Task objective: Could you reproduce, from the records below, everything from the line with "Proof. by rewrite /code3 eqxx. Qed." down to the line with "have code_u : map (code3 a b) u \in words3 9.", keeping both of those lines and changing nothing?

Supplied data:

(* Let $w$ be a word of length $n \geq 9$ over some alphabet such that $w$ contains no $3$-antipower as a factor and $w$ contains exactly three distinct letters. Then, up to a bijective renaming of the letters (to $0,1,2$), the following hold: (a) if $n \equiv 0 \pmod 3$, there is no such $w$; (b) if $n \equiv 1 \pmod 3$, then $w = 01^{n-2}2$; (c) if $n \equiv 2 \pmod 3$, then $w$ is one of $001^{n-3}2$, $010^{n-3}2$, $01^{n-2}2$, $01^{n-3}21$, or $01^{n-3}22$.
   Context: A $3$-antipower is a word $u_1u_2u_3$ with $|u_1|=|u_2|=|u_3|$ and $u_1,u_2,u_3$ pairwise distinct; a factor is a contiguous subword. $a^m$ denotes $m$ consecutive copies of the letter $a$. *)

From mathcomp Require Import all_boot.
Set Implicit Arguments. Unset Strict Implicit. Unset Printing Implicit Defensive.

Definition antipower3 (T : eqType) (u : seq T) : Prop :=
  exists u1 u2 u3 : seq T,
    [/\ u = u1 ++ u2 ++ u3, size u1 = size u2, size u2 = size u3
      & [/\ u1 != u2, u1 != u3 & u2 != u3]].

Definition has_antipower3_factor (T : eqType) (w : seq T) : Prop :=
  exists u : seq T, infix u w /\ antipower3 u.

From mathcomp Require Import all_boot zify.
Set Implicit Arguments. Unset Strict Implicit. Unset Printing Implicit Defensive.

(* A word of length 9 with three distinct letters contains a 3-antipower: this
   is checked by exhausting the 3^9 words over {0, 1, 2}, and it applies to every
   window of length 9 of w.  As w has three letters it contains a factor a b^m c
   with a, b, c pairwise distinct, and m >= 8 by the window bound.  If k <= 2
   letters around this run bring its length to 3K = k + m + 2, the three blocks
   of length K form a 3-antipower.  Hence fewer than k letters lie outside the
   run: |w| is not divisible by 3, w = a b^m c when |w| = 1 mod 3, and w has one
   extra letter when |w| = 2 mod 3; by the window bound again, that letter is
   neither c in front nor a at the back. *)

Definition block (T : eqType) (u : seq T) s K := take K (drop s u).

Definition antipower3_at (T : eqType) (u : seq T) s K : bool :=
  [&& s + 3 * K <= size u,
      block u s K != block u (s + K) K,
      block u s K != block u (s + 2 * K) K &
      block u (s + K) K != block u (s + 2 * K) K].

Definition has_antipower3b (T : eqType) (u : seq T) : bool :=
  has (fun s => has (antipower3_at u s) (iota 1 (size u %/ 3))) (iota 0 (size u)).

Section Blocks.
Variable T : eqType.
Implicit Types u v w : seq T.

Lemma antipower3_factor_infix v w :
  infix v w -> has_antipower3_factor v -> has_antipower3_factor w.
Proof. by move=> vw [x [xv ap_x]]; exists x; split=> //; apply: infix_trans xv vw. Qed.

Lemma antipower3_at_factor u s K : antipower3_at u s K -> has_antipower3_factor u.
Proof.
case/and4P=> le_u ne12 ne13 ne23.
exists (take (3 * K) (drop s u)); split.
  exact: infix_trans (infix_take _ _) (infix_drop _ _).
exists (block u s K), (block u (s + K) K), (block u (s + 2 * K) K).
rewrite /block !size_takel ?size_drop; try lia.
split=> //; rewrite (_ : 3 * K = K + (K + K)) ?takeD ?drop_drop; last lia.
by rewrite (addnC K s) (_ : K + (s + K) = s + 2 * K) //; lia.
Qed.

Lemma has_antipower3b_factor u : has_antipower3b u -> has_antipower3_factor u.
Proof. by case/hasP=> s _ /hasP [K _]; apply: antipower3_at_factor. Qed.

Lemma antipower3_at_nth x0 u s K i j l :
  s + 3 * K <= size u -> i < K -> j < K -> l < K ->
  nth x0 u (s + i) != nth x0 u (s + K + i) ->
  nth x0 u (s + j) != nth x0 u (s + 2 * K + j) ->
  nth x0 u (s + K + l) != nth x0 u (s + 2 * K + l) ->
  antipower3_at u s K.
Proof.
move=> le_u ltiK ltjK ltlK ne12 ne13 ne23.
have ne_block t1 t2 k : k < K ->
    nth x0 u (t1 + k) != nth x0 u (t2 + k) -> block u t1 K != block u t2 K.
  move=> ltkK; apply: contra => /eqP /(congr1 (nth x0 ^~ k)).
  by rewrite /block !nth_take // !nth_drop => ->.
apply/and4P; split=> //.
- exact: (ne_block _ _ i).
- exact: (ne_block _ _ j).
- exact: (ne_block _ _ l).
Qed.

End Blocks.

Lemma antipower3_at_map (T S : eqType) (f : T -> S) (u : seq T) s K :
  antipower3_at (map f u) s K -> antipower3_at u s K.
Proof.
have ne_map s1 s2 : map f s1 != map f s2 -> s1 != s2 by apply: contra => /eqP ->.
rewrite /antipower3_at /block size_map -!map_drop -!map_take.
by case/and4P=> -> /ne_map -> /ne_map -> /ne_map ->.
Qed.

Lemma has_antipower3b_map (T S : eqType) (f : T -> S) (u : seq T) :
  has_antipower3b (map f u) -> has_antipower3b u.
Proof.
rewrite /has_antipower3b size_map; apply: sub_has => s; apply: sub_has => K.
exact: antipower3_at_map.
Qed.

Fixpoint words3 k : seq (seq nat) :=
  if k is k'.+1 then [seq x :: u | x <- iota 0 3, u <- words3 k'] else [:: [::]].

Lemma mem_words3 u : all (fun x => x < 3) u -> u \in words3 (size u).
Proof.
elim: u => [|x u IHu] // /andP [lt_x3 /IHu u_in].
by apply: (allpairs_f (fun y v => y :: v)) => //; rewrite mem_iota.
Qed.

Lemma words3_antipower3 :
  all (fun u => has_antipower3b u || ~~ [&& 0 \in u, 1 \in u & 2 \in u]) (words3 9).
Proof. by vm_compute. Qed.

Section Letters.
Variable T : eqType.
Implicit Types (a b c : T) (u v w x y : seq T).

Definition code3 a b (t : T) : nat := if t == a then 0 else if t == b then 1 else 2.

Lemma code3_a a b : code3 a b a = 0.
Proof. by rewrite /code3 eqxx. Qed.

Lemma code3_b a b : a != b -> code3 a b b = 1.
Proof. by rewrite /code3 eq_sym => /negbTE ->; rewrite eqxx. Qed.

Lemma code3_c a b c : a != c -> b != c -> code3 a b c = 2.
Proof. by rewrite /code3 eq_sym => /negbTE ->; rewrite eq_sym => /negbTE ->. Qed.

Lemma code3_lt3 a b t : code3 a b t < 3.
Proof. by rewrite /code3; case: ifP => //; case: ifP. Qed.

Lemma code3_inj a b c w : a != b -> a != c -> b != c ->
  {subset w <= [:: a; b; c]} -> {in w &, injective (code3 a b)}.
Proof.
move=> ab ac bc sub_w x y /sub_w + /sub_w; rewrite !inE.
by case/or3P=> /eqP -> /or3P [] /eqP ->; rewrite ?code3_a ?(code3_b ab) ?(code3_c ac bc).
Qed.

Lemma antipower3_size9 a b c u : size u = 9 ->
  a \in u -> b \in u -> c \in u -> a != b -> a != c -> b != c ->
  has_antipower3_factor u.
Proof.
move=> u9 au bu cu ab ac bc.
apply/has_antipower3b_factor/(@has_antipower3b_map _ _ (code3 a b)).
have code_u : map (code3 a b) u \in words3 9.
  rewrite -u9 -(size_map (code3 a b)); apply: mem_words3.
  by apply/allP=> _ /mapP [t _ ->]; apply: code3_lt3.
move/allP: words3_antipower3 => /(_ _ code_u) /orP [//|/negP []].
apply/and3P; split; apply/mapP; [exists a | exists b | exists c] => //.
- by rewrite code3_a.
- by rewrite code3_b.
- by rewrite code3_c.
Qed.

Lemma infix_extend x w d : infix x w -> size x + d <= size w ->
  exists y, [/\ infix y w, size y = size x + d & {subset x <= y}].
Proof.
elim: d x => [|d IHd] x xw le_w; first by exists x; rewrite addn0; split.
suff [z [zw size_z sub_xz]] :
    exists z, [/\ infix z w, size z = (size x).+1 & {subset x <= z}].
  have [|y [yw size_y sub_zy]] := IHd z zw; first by rewrite size_z; lia.
  exists y; split=> //; first by rewrite size_y size_z; lia.
  by move=> t /sub_xz /sub_zy.
case/infixP: xw => l [[|t r] def_w].
  case/lastP: l def_w => [|l t] def_w; first by rewrite def_w /= cats0 in le_w; lia.
  exists (t :: x); split=> //; last by move=> y y_x; rewrite inE y_x orbT.
  by apply/infixP; exists l, [::]; rewrite def_w !cats0 -cats1 -catA.
exists (rcons x t); split; last by move=> y; rewrite mem_rcons inE => ->; rewrite orbT.
- by apply/infixP; exists l, r; rewrite def_w -cats1 -catA.
- by rewrite size_rcons.
Qed.

Lemma three_letters_antipower3 a b c x w : 9 <= size w -> infix x w -> size x <= 9 ->
  a \in x -> b \in x -> c \in x -> a != b -> a != c -> b != c ->
  has_antipower3_factor w.
Proof.
move=> w9 xw x9 ax bx cx ab ac bc.
have [|y [yw y9 sub_xy]] := infix_extend xw (d := 9 - size x); first lia.
apply: (antipower3_factor_infix yw).
by apply: (antipower3_size9 _ (sub_xy _ ax) (sub_xy _ bx) (sub_xy _ cx)) => //; lia.
Qed.

End Letters.

Section Runs.
Variable T : eqType.
Implicit Types (a b c y : T) (u v w : seq T).

Lemma run_antipower3 a b c u v m k : a != b -> a != c -> b != c ->
  5 <= m -> k <= 2 -> k <= size u + size v -> 3 %| k + m + 2 ->
  has_antipower3_factor (u ++ a :: nseq m b ++ c :: v).
Proof.
move=> ab ac bc m5 k2 k_uv /dvdnP [K K3].
set w := u ++ _; set p := size u; set i := minn k p.
have nth_w t : nth a w (p + t) = nth a (a :: nseq m b ++ c :: v) t.
  by rewrite nth_cat ltnNge leq_addr addKn.
have w_a : nth a w (p + 0) = a by rewrite nth_w.
have w_b t : 0 < t <= m -> nth a w (p + t) = b.
  by case: t => [//|t] /= lt_tm; rewrite nth_w /= nth_cat size_nseq lt_tm nth_nseq lt_tm.
have w_c : nth a w (p + m.+1) = c by rewrite nth_w /= nth_cat size_nseq ltnn subnn.
(* The window starts [i] letters before [a].  At the offset of [a] the first
   block reads [a] and the others [b] or [c]; at the offset of [c] the last block
   reads [c] and the middle one [b]. *)
apply: (@antipower3_at_factor _ _ (p - i) K).
apply: (antipower3_at_nth (x0 := a) (i := i) (j := i) (l := m.+1 + i - 2 * K)); try lia.
- by rewrite size_cat /= size_cat size_nseq /=; lia.
- have -> : p - i + i = p + 0 by lia.
  have -> : p - i + K + i = p + K by lia.
  by rewrite w_a w_b //; lia.
- have -> : p - i + i = p + 0 by lia.
  have -> : p - i + 2 * K + i = p + 2 * K by lia.
  have [-> | ne_2K] := eqVneq (2 * K) m.+1; first by rewrite w_a w_c.
  by rewrite w_a w_b //; lia.
- have -> : p - i + K + (m.+1 + i - 2 * K) = p + (m.+1 - K) by lia.
  have -> : p - i + 2 * K + (m.+1 + i - 2 * K) = p + m.+1 by lia.
  by rewrite w_b ?w_c //; lia.
Qed.

Lemma split_at_first_other y w : has (predC1 y) w ->
  exists k z t, z != y /\ w = nseq k y ++ z :: t.
Proof.
elim: w => [//|x w IHw]; have [-> | xy] := eqVneq x y.
  by rewrite /= eqxx => /IHw [k [z [t [zy ->]]]]; exists k.+1, z, t.
by exists 0, x, w.
Qed.

Lemma exists_run w : 3 <= size (undup w) ->
  exists u v a b c m, [/\ [/\ a != b, a != c & b != c], 0 < m
                        & w = u ++ a :: nseq m b ++ c :: v].
Proof.
elim: w => [//|x w IHw].
have [/IHw [u [v [a [b [c [m [abc m0 ->]]]]]]] _ | lt_w3] := leqP 3 (size (undup w)).
  by exists (x :: u), v, a, b, c, m.
rewrite /=; case: ifPn => [_ | xw] /= w3; first lia.
case: w xw lt_w3 w3 {IHw} => [//|y w] xw _ w3.
have /split_at_first_other [k [z [t [zy def_w]]]] : has (predC1 y) w.
  apply/negPn/negP => /hasPn all_y.
  suff : size (undup (y :: w)) <= 1 by lia.
  apply: (uniq_leq_size (s2 := [:: y]) (undup_uniq _)) => s.
  by rewrite mem_undup !inE => /orP [// | /all_y /negPn].
exists [::], t, x, y, z, k.+1; split=> //; last by rewrite def_w.
split; last by rewrite eq_sym.
- by apply: contraNneq xw => ->; rewrite mem_head.
- by apply: contraNneq xw => ->; rewrite !inE def_w mem_cat inE eqxx !orbT.
Qed.

Lemma run_letters a b c u v m w : size (undup w) = 3 ->
  a != b -> a != c -> b != c -> 0 < m -> w = u ++ a :: nseq m b ++ c :: v ->
  {subset w <= [:: a; b; c]}.
Proof.
move=> w3 ab ac bc m0 def_w.
have abc_uniq : uniq [:: a; b; c] by rewrite /= !inE negb_or ab ac bc.
have sub_abc : {subset [:: a; b; c] <= undup w}.
  move=> x; rewrite mem_undup def_w !(inE, mem_cat, mem_nseq) m0.
  by case/or3P=> ->; rewrite ?orbT.
have [_ eq_abc] := uniq_min_size abc_uniq sub_abc (eq_leq w3).
by move=> x; rewrite eq_abc mem_undup.
Qed.

Lemma antipower3_free_run a b c u v m w :
  a != b -> a != c -> b != c -> 0 < m -> w = u ++ a :: nseq m b ++ c :: v ->
  9 <= size w -> ~ has_antipower3_factor w ->
  size u + size v = 0 /\ (m + 2) %% 3 != 0 \/ size u + size v = 1 /\ (m + 3) %% 3 = 2.
Proof.
move=> ab ac bc m0 def_w w9 no_ap.
have m8 : 8 <= m.
  rewrite leqNgt; apply/negP => m_lt8; apply: no_ap.
  apply: (@three_letters_antipower3 _ a b c (a :: nseq m b ++ [:: c])) => //.
  - by apply/infixP; exists u, v; rewrite def_w /= -catA.
  - by rewrite /= size_cat size_nseq /=; lia.
  - by rewrite inE eqxx.
  - by rewrite inE mem_cat mem_nseq m0 eqxx orbT.
  - by rewrite inE mem_cat inE eqxx !orbT.
(* [(3 - (m + 2) %% 3) %% 3] is the least [k] such that [3 %| k + m + 2]. *)
suff : size u + size v < (3 - (m + 2) %% 3) %% 3 by lia.
rewrite ltnNge; apply/negP => uv_big; apply: no_ap; rewrite def_w.
by apply: (run_antipower3 ab ac bc _ _ uv_big); lia.
Qed.

Lemma run_right_letter a b c d m w : a != b -> a != c -> b != c -> 0 < m ->
  9 <= size w -> ~ has_antipower3_factor w -> w = a :: nseq m b ++ [:: c; d] ->
  d \in [:: a; b; c] -> d = b \/ d = c.
Proof.
move=> ab ac bc m0 w9 no_ap def_w.
rewrite !inE => /or3P [/eqP d_a | /eqP -> | /eqP ->]; [exfalso | by left | by right].
apply: no_ap; apply: (@three_letters_antipower3 _ b c a [:: b; c; a]) => //;
  rewrite ?inE ?eqxx ?orbT // 1?eq_sym //.
rewrite def_w d_a -(subnK m0) nseqD -catA.
exact: (suffix_infix (a :: nseq (m - 1) b)).
Qed.

Lemma run_left_letter a b c e m w : a != b -> a != c -> b != c -> 0 < m ->
  9 <= size w -> ~ has_antipower3_factor w -> w = e :: a :: nseq m b ++ [:: c] ->
  e \in [:: a; b; c] -> e = a \/ e = b.
Proof.
move=> ab ac bc m0 w9 no_ap def_w.
rewrite !inE => /or3P [/eqP -> | /eqP -> | /eqP e_c]; [by left | by right | exfalso].
apply: no_ap; apply: (@three_letters_antipower3 _ c a b [:: c; a; b]) => //;
  rewrite ?inE ?eqxx ?orbT // 1?eq_sym //.
rewrite def_w e_c -(prednK m0).
exact: (prefix_infix [:: c; a; b] (nseq m.-1 b ++ [:: c])).
Qed.

End Runs.

Theorem theorem9 (T : eqType) (w : seq T) :
  9 <= size w ->
  ~ has_antipower3_factor w ->
  size (undup w) = 3 ->
  [/\ size w %% 3 = 0 -> False,
      size w %% 3 = 1 ->
        exists f : T -> nat, {in w &, injective f} /\
          map f w = [:: 0] ++ nseq (size w - 2) 1 ++ [:: 2]
    & size w %% 3 = 2 ->
        exists f : T -> nat, {in w &, injective f} /\
          (map f w = [:: 0; 0] ++ nseq (size w - 3) 1 ++ [:: 2] \/
           map f w = [:: 0; 1] ++ nseq (size w - 3) 0 ++ [:: 2] \/
           map f w = [:: 0] ++ nseq (size w - 2) 1 ++ [:: 2] \/
           map f w = [:: 0] ++ nseq (size w - 3) 1 ++ [:: 2; 1] \/
           map f w = [:: 0] ++ nseq (size w - 3) 1 ++ [:: 2; 2])].
Proof.
move=> w9 no_ap w3.
have [u [v [a [b [c [m [[ab ac bc] m0 def_w]]]]]]] := exists_run (eq_leq (esym w3)).
have sub_w := run_letters w3 ab ac bc m0 def_w.
have inj_ab := code3_inj ab ac bc sub_w.
have codeE := (code3_a, code3_b ab, code3_c ac bc).
have size_w : size w = size u + size v + m.+2.
  by rewrite def_w size_cat /= size_cat size_nseq /=; lia.
have := antipower3_free_run ab ac bc m0 def_w w9 no_ap.
case: u v def_w size_w => [|e [|? ?]] [|d [|? ?]] /= def_w size_w ctx; try lia.
- have -> : size w - 2 = m by lia.
  have map_w : map (code3 a b) w = [:: 0] ++ nseq m 1 ++ [:: 2].
    by rewrite def_w /= map_cat map_nseq /= !codeE.
  split=> [?|_|_]; [lia | by exists (code3 a b) | exists (code3 a b)].
  by split=> //; do 2 right; left.
- have -> : size w - 3 = m by lia.
  split=> [?|?|_]; try lia; exists (code3 a b); split=> //.
  have d_w : d \in w by rewrite def_w !(inE, mem_cat) eqxx !orbT.
  have [d_b | d_c] := run_right_letter ab ac bc m0 w9 no_ap def_w (sub_w d d_w).
    by do 3 right; left; rewrite def_w d_b /= map_cat map_nseq /= !codeE.
  by do 4 right; rewrite def_w d_c /= map_cat map_nseq /= !codeE.
- have -> : size w - 3 = m by lia.
  split=> [?|?|_]; try lia.
  have e_w : e \in w by rewrite def_w inE eqxx.
  have [e_a | e_b] := run_left_letter ab ac bc m0 w9 no_ap def_w (sub_w e e_w).
    exists (code3 a b); split=> //; left.
    by rewrite def_w e_a /= map_cat map_nseq /= !codeE.
  have ba : b != a by rewrite eq_sym.
  exists (code3 b a); split.
    by apply: (code3_inj ba bc ac) => x /sub_w; rewrite !inE orbCA.
  right; left; rewrite def_w e_b /= map_cat map_nseq /=.
  by rewrite code3_a (code3_b ba) (code3_c bc ac).
Qed.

Finished task:
Proof. by rewrite /code3 eqxx. Qed.

Lemma code3_b a b : a != b -> code3 a b b = 1.
Proof. by rewrite /code3 eq_sym => /negbTE ->; rewrite eqxx. Qed.

Lemma code3_c a b c : a != c -> b != c -> code3 a b c = 2.
Proof. by rewrite /code3 eq_sym => /negbTE ->; rewrite eq_sym => /negbTE ->. Qed.

Lemma code3_lt3 a b t : code3 a b t < 3.
Proof. by rewrite /code3; case: ifP => //; case: ifP. Qed.

Lemma code3_inj a b c w : a != b -> a != c -> b != c ->
  {subset w <= [:: a; b; c]} -> {in w &, injective (code3 a b)}.
Proof.
move=> ab ac bc sub_w x y /sub_w + /sub_w; rewrite !inE.
by case/or3P=> /eqP -> /or3P [] /eqP ->; rewrite ?code3_a ?(code3_b ab) ?(code3_c ac bc).
Qed.

Lemma antipower3_size9 a b c u : size u = 9 ->
  a \in u -> b \in u -> c \in u -> a != b -> a != c -> b != c ->
  has_antipower3_factor u.
Proof.
move=> u9 au bu cu ab ac bc.
apply/has_antipower3b_factor/(@has_antipower3b_map _ _ (code3 a b)).
have code_u : map (code3 a b) u \in words3 9.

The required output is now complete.